> _WHAT IS BEING ASKED_
Where the line with "pose in_pair_clique (P" appears below, start writing out lines exactly, and finish with the line with "have -> : kpow_set", which is included; write out nothing else.

> _AVAILABLE DATA_
End ShiftCliques.

Section PairCliques.
Variables m n : nat.
Implicit Types u v : SRv m n.

(* (P, r) indexes the clique of vertices that agree with r outside the pair P;
   r is required to vanish on P so that each clique has a single index. *)
Definition pair_index := ({set 'I_m} * {ffun 'I_m -> 'I_n.+1})%type.
Implicit Types x : pair_index.

Definition pair_clique x u :=
  (#|x.1| == 2) && [forall k, if k \in x.1 then x.2 k == ord0 else entry u k == x.2 k].

Definition pair_base u (P : {set 'I_m}) : {ffun 'I_m -> 'I_n.+1} :=
  [ffun k => if k \in P then ord0 else val u k].

Lemma pair_clique_base x u : pair_clique x u -> x.2 = pair_base u x.1.
Proof.
case/andP=> _ /forallP xu; apply/ffunP => k; rewrite ffunE.
by move: (xu k); case: (k \in x.1) => /eqP // xu_k; apply/val_inj.
Qed.

Lemma pair_clique_pair_base u (P : {set 'I_m}) : #|P| == 2 -> pair_clique (P, pair_base u P) u.
Proof.
by move=> P2; rewrite /pair_clique P2; apply/forallP => k; rewrite ffunE; case: (k \in P).
Qed.

Lemma card_pair_cliques u : #|[pred x | pair_clique x u]| = 'C(m, 2).
Proof.
pose in_pair_clique (P : {set 'I_m}) r := pair_clique (P, r) u : nat.
rewrite -sum_nat_of_bool -(pair_big xpredT xpredT in_pair_clique) /=.
transitivity (\sum_(P : {set 'I_m}) (#|P| == 2 : nat)); last first.
  by rewrite sum_nat_of_bool -[m in RHS]card_ord -card_draws; apply: eq_card => P; rewrite inE.
apply: eq_bigr => P _; rewrite sum_nat_of_bool card_le1_exists; last first.
  by move=> r r' /pair_clique_base /= -> /pair_clique_base /= ->.
congr nat_of_bool; apply/existsP/idP => [[r /andP[]] //|P2].
by exists (pair_base u P); apply: pair_clique_pair_base.
Qed.

Lemma pair_clique_diffset x u v : u != v -> pair_clique x u -> pair_clique x v ->
  diffset u v = x.1.
Proof.
move=> uv /andP[x2 /forallP xu] /andP[_ /forallP xv].
have sub_x : diffset u v \subset x.1.
  apply/subsetP => k; rewrite inE; apply: contraNT => kx.
  by move: (xu k) (xv k); rewrite (negbTE kx) => /eqP-> /eqP->.
apply/eqP; rewrite eqEcard sub_x (eqP x2) /=.
have := subset_leq_card sub_x; rewrite (eqP x2) leq_eqVlt ltnS leq_eqVlt ltnS leqn0.
rewrite (negbTE (diffset_card_neq1 u v)) cards_eq0 diffset_eq0 (negbTE uv).
by case/orP => [/eqP->|].
Qed.

Lemma common_pair_clique_uniq u v : u != v ->
  {in [pred x | pair_clique x u && pair_clique x v] &, forall x y, x = y}.
Proof.
move=> uv [P r] [Q s] /andP[xu xv] /andP[yu yv].
have eq_PQ : P = Q by rewrite -[P](pair_clique_diffset uv xu xv) (pair_clique_diffset uv yu yv).
by move: (pair_clique_base xu) (pair_clique_base yu) => /= -> ->; rewrite eq_PQ.
Qed.
Lemma osc_le_stationary j c x A : osc_le j c -> `|kpow_set j x A - \sum_(y in A) pi y| <= c.
Proof.
move=> osc_j.
have -> : \sum_(y in A) pi y = \sum_x' pi x' * kpow_set j x' A.
  rewrite /kpow_set; under [RHS]eq_bigr do rewrite mulr_sumr.
  by rewrite exchange_big /=; apply: eq_bigr => y _; rewrite kpow_stationary.
have -> : kpow_set j x A = \sum_x' pi x' * kpow_set j x A by rewrite -mulr_suml pi_sum1 mul1r.
rewrite -sumrB ler_norml -[c]mul1r -pi_sum1 mulr_suml -sumrN; apply/andP; split.
  apply: ler_sum => x' _; rewrite -mulrBr -mulrN; apply: ler_wpM2l => //.
  by rewrite lerNl opprB; exact: osc_j.
by apply: ler_sum => x' _; rewrite -mulrBr; apply: ler_wpM2l.
Qed.

Lemma psi_le_quarter N (ii kk : 'I_N.+1) j e :
  (0 < j)%N -> val kk = (val ii + j)%N -> osc_le j e -> e <= 4^-1 * pi_min pi ->
  psi K pi kk ii <= 4^-1.
Proof.
move=> j_gt0 def_k osc_j e_le.
have lt_ik : (val ii < val kk)%N by rewrite def_k; lia.
have def_j : (val kk - val ii)%N = j by rewrite def_k addKn.
have Pr_joint := Pr_ev_joint K_stoch pi_stat _ _ lt_ik (erefl _) (erefl _).
have Pr_kk A : Pr K pi (ev kk A) = \sum_(y in A) pi y.
  have -> : ev kk A = ev kk A :&: ev ii setT by apply/setP => w; rewrite !inE andbT.
  rewrite Pr_joint; under eq_bigl do rewrite in_setT.
  under eq_bigr do rewrite mulr_sumr.
  by rewrite exchange_big /=; apply: eq_bigr => y _; rewrite kpow_stationary.
have Pr_ii B : Pr K pi (ev ii B) = \sum_(x in B) pi x.
  have -> : ev ii B = ev kk setT :&: ev ii B by apply/setP => w; rewrite !inE.
  rewrite Pr_joint; apply: eq_bigr => x _.
  by under eq_bigl do rewrite in_setT; rewrite kpow_sum1 // mulr1.
have quarter_ge0 : (0 : R) <= 4^-1 by rewrite invr_ge0.
apply: bigmax_le => // A _; apply: bigmax_le => // B /andP [].
rewrite Pr_joint !Pr_kk !Pr_ii def_j => pA_gt0 pB_gt0.
set pA := \sum_(y in A) pi y; set pB := \sum_(x in B) pi x.
have -> : \sum_(x in B) pi x * \sum_(y in A) kpow K j x y - pA * pB =
          \sum_(x in B) pi x * (kpow_set j x A - pA).
  by rewrite /pB mulr_sumr -sumrB; apply: eq_bigr => x _; rewrite mulrBr [pA * _]mulrC.
(* [psi] elaborates its norm at a non-canonical instance; restate it. *)
match goal with |- is_true (Order.le (Num.norm ?z) ?c) => change (`|z| <= c) end.
have pApB_gt0 : 0 < pA * pB by rewrite mulr_gt0.
rewrite normrM normfV (gtr0_norm pApB_gt0) ler_pdivrMr //.
have cov_le : `|\sum_(x in B) pi x * (kpow_set j x A - pA)| <= pB * e.
  apply: le_trans (ler_norm_sum _ _ _) _; rewrite /pB mulr_suml.
  apply: ler_sum => x _; rewrite normrM ger0_norm //; apply: ler_wpM2l => //.
  exact: osc_le_stationary.
have [A0|[a aA]] := set_0Vmem A.
  by move: pA_gt0; rewrite /pA A0 big_set0 ltxx.
have e_le_pA : e <= 4^-1 * pA.
  apply: (le_trans e_le); apply: ler_wpM2l => //.
  apply: (@le_trans _ _ (pi a)); first exact: bigmin_le.
  exact: ler_term_sum.
apply: le_trans cov_le _; rewrite mulrA (mulrC _ pB); apply: ler_wpM2l => //.
exact: ltW.
Qed.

> _WRITTEN ANSWER_
pose in_pair_clique (P : {set 'I_m}) r := pair_clique (P, r) u : nat.
rewrite -sum_nat_of_bool -(pair_big xpredT xpredT in_pair_clique) /=.
transitivity (\sum_(P : {set 'I_m}) (#|P| == 2 : nat)); last first.
  by rewrite sum_nat_of_bool -[m in RHS]card_ord -card_draws; apply: eq_card => P; rewrite inE.
apply: eq_bigr => P _; rewrite sum_nat_of_bool card_le1_exists; last first.
  by move=> r r' /pair_clique_base /= -> /pair_clique_base /= ->.
congr nat_of_bool; apply/existsP/idP => [[r /andP[]] //|P2].
by exists (pair_base u P); apply: pair_clique_pair_base.
Qed.

Lemma pair_clique_diffset x u v : u != v -> pair_clique x u -> pair_clique x v ->
  diffset u v = x.1.
Proof.
move=> uv /andP[x2 /forallP xu] /andP[_ /forallP xv].
have sub_x : diffset u v \subset x.1.
  apply/subsetP => k; rewrite inE; apply: contraNT => kx.
  by move: (xu k) (xv k); rewrite (negbTE kx) => /eqP-> /eqP->.
apply/eqP; rewrite eqEcard sub_x (eqP x2) /=.
have := subset_leq_card sub_x; rewrite (eqP x2) leq_eqVlt ltnS leq_eqVlt ltnS leqn0.
rewrite (negbTE (diffset_card_neq1 u v)) cards_eq0 diffset_eq0 (negbTE uv).
by case/orP => [/eqP->|].
Qed.

Lemma common_pair_clique_uniq u v : u != v ->
  {in [pred x | pair_clique x u && pair_clique x v] &, forall x y, x = y}.
Proof.
move=> uv [P r] [Q s] /andP[xu xv] /andP[yu yv].
have eq_PQ : P = Q by rewrite -[P](pair_clique_diffset uv xu xv) (pair_clique_diffset uv yu yv).
by move: (pair_clique_base xu) (pair_clique_base yu) => /= -> ->; rewrite eq_PQ.
Qed.
Lemma osc_le_stationary j c x A : osc_le j c -> `|kpow_set j x A - \sum_(y in A) pi y| <= c.
Proof.
move=> osc_j.
have -> : \sum_(y in A) pi y = \sum_x' pi x' * kpow_set j x' A.
  rewrite /kpow_set; under [RHS]eq_bigr do rewrite mulr_sumr.
  by rewrite exchange_big /=; apply: eq_bigr => y _; rewrite kpow_stationary.
have -> : kpow_set j x A = \sum_x' pi x' * kpow_set j x A by rewrite -mulr_suml pi_sum1 mul1r.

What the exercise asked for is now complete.